Lemma qf_proj n e v : qf n (proj e) v = cn2 (inner n e v).
Proof.
  unfold qf.
  rewrite (Csum_ext n _ (fun i => Cmul (Cmul (Cconj (v i)) (e i)) (inner n e v))).
  - rewrite Csum_scal_r.
    replace (Csum n (fun i => Cmul (Cconj (v i)) (e i))) with (Cconj (inner n e v));
      [unfold cn2; cunfold; ring|].
    unfold inner. rewrite Cconj_Csum. apply Csum_ext; intros; csolve.
  - intros i Hi. unfold inner, proj. rewrite <- !Csum_scal_l. apply Csum_ext; intros; csolve.
Qed.

Lemma entry_UDU n U lam i j :
  mmul n (mmul n U (diagm lam)) (adjoint U) i j =
  Csum n (fun l => Cmul (Cmul (U i l) (RtoC (lam l))) (Cconj (U j l))).
Proof.
  unfold mmul at 1. apply Csum_ext; intros k Hk. unfold mmul, diagm, adjoint.
  rewrite (Csum_ext n _ (fun p => if Nat.eqb p k then Cmul (U i p) (RtoC (lam p)) else C0)).
  - rewrite Csum_delta_r; auto.
  - intros p Hp. destruct (Nat.eqb p k); auto. csolve.
Qed.

Lemma qf_UDU n U lam x :
  qf n (mmul n (mmul n U (diagm lam)) (adjoint U)) x =
  Rsum n (fun l => lam l * cn2 (inner n (col U l) x)).
Proof.
  unfold qf.
  rewrite (Csum_ext n _ (fun i => Csum n (fun l =>
     Cmul (Cmul (Cconj (x i)) (U i l)) (Cmul (RtoC (lam l)) (inner n (col U l) x))))).
  2:{ intros i Hi. rewrite (Csum_ext n _ (fun j => Csum n (fun l =>
        Cmul (Cmul (U i l) (RtoC (lam l))) (Cmul (Cconj (U j l)) (x j))))).
      2:{ intros j Hj. rewrite entry_UDU, <- Csum_scal_r. apply Csum_ext; intros; csolve. }
      rewrite Csum_swap, <- Csum_scal_l. apply Csum_ext; intros l Hl.
      unfold inner, col. rewrite <- !Csum_scal_l. apply Csum_ext; intros; csolve. }
  rewrite Csum_swap, fst_Csum. apply Rsum_ext; intros l Hl. rewrite Csum_scal_r.
  replace (Csum n (fun i => Cmul (Cconj (x i)) (U i l))) with (Cconj (inner n (col U l) x)).
  - unfold cn2; cunfold; ring.
  - unfold inner, col. rewrite Cconj_Csum. apply Csum_ext; intros; csolve.
Qed.

Lemma unitary_entry n U : unitary n U -> forall k l, (k < n)%nat -> (l < n)%nat ->
  Csum n (fun j => Cmul (U k j) (Cconj (U l j))) = idm k l.
Proof. intros HU k l Hk Hl. rewrite <- (HU k l Hk Hl). reflexivity. Qed.

Definition gram n (U : Mat) : Mat := fun i j => Csum n (fun k => Cmul (Cconj (U k i)) (U k j)).

Lemma gram_idempotent n U : unitary n U -> forall i, (i < n)%nat ->
  Csum n (fun j => Cmul (gram n U i j) (gram n U j i)) = gram n U i i.
Proof.
  intros HU i Hi. unfold gram.
  rewrite (Csum_ext n _ (fun j => Csum n (fun k => Csum n (fun l =>
     Cmul (Cmul (Cconj (U k i)) (U l i)) (Cmul (U k j) (Cconj (U l j))))))).
  2:{ intros j Hj. rewrite Csum_mul_Csum. apply Csum_ext; intros; apply Csum_ext; intros; csolve. }
  rewrite Csum_swap. apply Csum_ext; intros k Hk. rewrite Csum_swap.
  rewrite (Csum_ext n _ (fun l => if Nat.eqb k l then Cmul (Cconj (U k i)) (U l i) else C0)).
  - rewrite Csum_delta; auto.
  - intros l Hl. rewrite Csum_scal_l, unitary_entry; auto. unfold idm.
    destruct (Nat.eqb k l); csolve.
Qed.

Lemma gram_hermitian n U i j : gram n U j i = Cconj (gram n U i j).
Proof. unfold gram. rewrite Cconj_Csum. apply Csum_ext; intros; csolve. Qed.

Lemma gram_trace n U : unitary n U -> Rsum n (fun i => fst (gram n U i i)) = INR n.
Proof.
  intros HU. rewrite <- fst_Csum. unfold gram. rewrite Csum_swap.
  rewrite (Csum_ext n _ (fun k => RtoC 1)).
  - rewrite fst_Csum. simpl. rewrite Rsum_const. ring.
  - intros k Hk. rewrite <- (Csum_ext n (fun j => Cmul (U k j) (Cconj (U k j)))).
    + rewrite unitary_entry, idm_diag; auto.
    + intros; csolve.
Qed.

(* U U^* = 1 implies U^* U = 1 (finite dimension): with G = U^* U,
   sum_{ij} |1 - G|_{ij}^2 = tr (1 - 2 G + G^2) = tr (1 - G) = 0. *)
Lemma unitary_adjoint_left n U : unitary n U -> meq n (mmul n (adjoint U) U) idm.
Proof.
  intros HU.
  set (D := fun i j => cn2 (Cadd (idm i j) (Cmul (RtoC (-1)) (gram n U i j)))).
  assert (D_row : forall i, (i < n)%nat -> Rsum n (D i) = 1 - fst (gram n U i i)).
  { intros i Hi.
    rewrite (Rsum_ext n _ (fun j => fst (Cmul (gram n U i j) (gram n U j i)) +
                              (if Nat.eqb i j then 1 - 2 * fst (gram n U j j) else 0))).
    - rewrite Rsum_add, <- fst_Csum, gram_idempotent, Rsum_delta; auto. ring.
    - intros j Hj. unfold D. rewrite (gram_hermitian n U i j). unfold idm.
      destruct (Nat.eqb_spec i j); [subst|]; unfold cn2; cunfold; ring. }
  assert (D_total : Rsum n (fun i => Rsum n (D i)) = 0).
  { rewrite (Rsum_ext n _ (fun i => 1 - fst (gram n U i i))) by auto.
    rewrite Rsum_minus, gram_trace, Rsum_const; auto. ring. }
  intros i j Hi Hj.
  assert (Di := Rsum_zero_each n _
                  (fun i _ => Rsum_nonneg n _ (fun j _ => cn2_nonneg _)) D_total i Hi).
  assert (Dij := Rsum_zero_each n _ (fun j _ => cn2_nonneg _) Di j Hj).
  apply cn2_zero in Dij. change (gram n U i j = idm i j).
  assert (Ef := f_equal fst Dij). assert (Es := f_equal snd Dij).
  apply Cpair_ext; cunfold; lra.
Qed.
****************************************
• _WHAT YOU SHOULD DO_: Once a line of the records is found to contain "then", copy it out.

• _EXPECTED ANSWER_:
  rewrite (Csum_ext n _ (fun p => if Nat.eqb p k then Cmul (U i p) (RtoC (lam p)) else C0)).
  rewrite (Csum_ext n _ (fun l => if Nat.eqb k l then Cmul (Cconj (U k i)) (U l i) else C0)).
                              (if Nat.eqb i j then 1 - 2 * fst (gram n U j j) else 0))).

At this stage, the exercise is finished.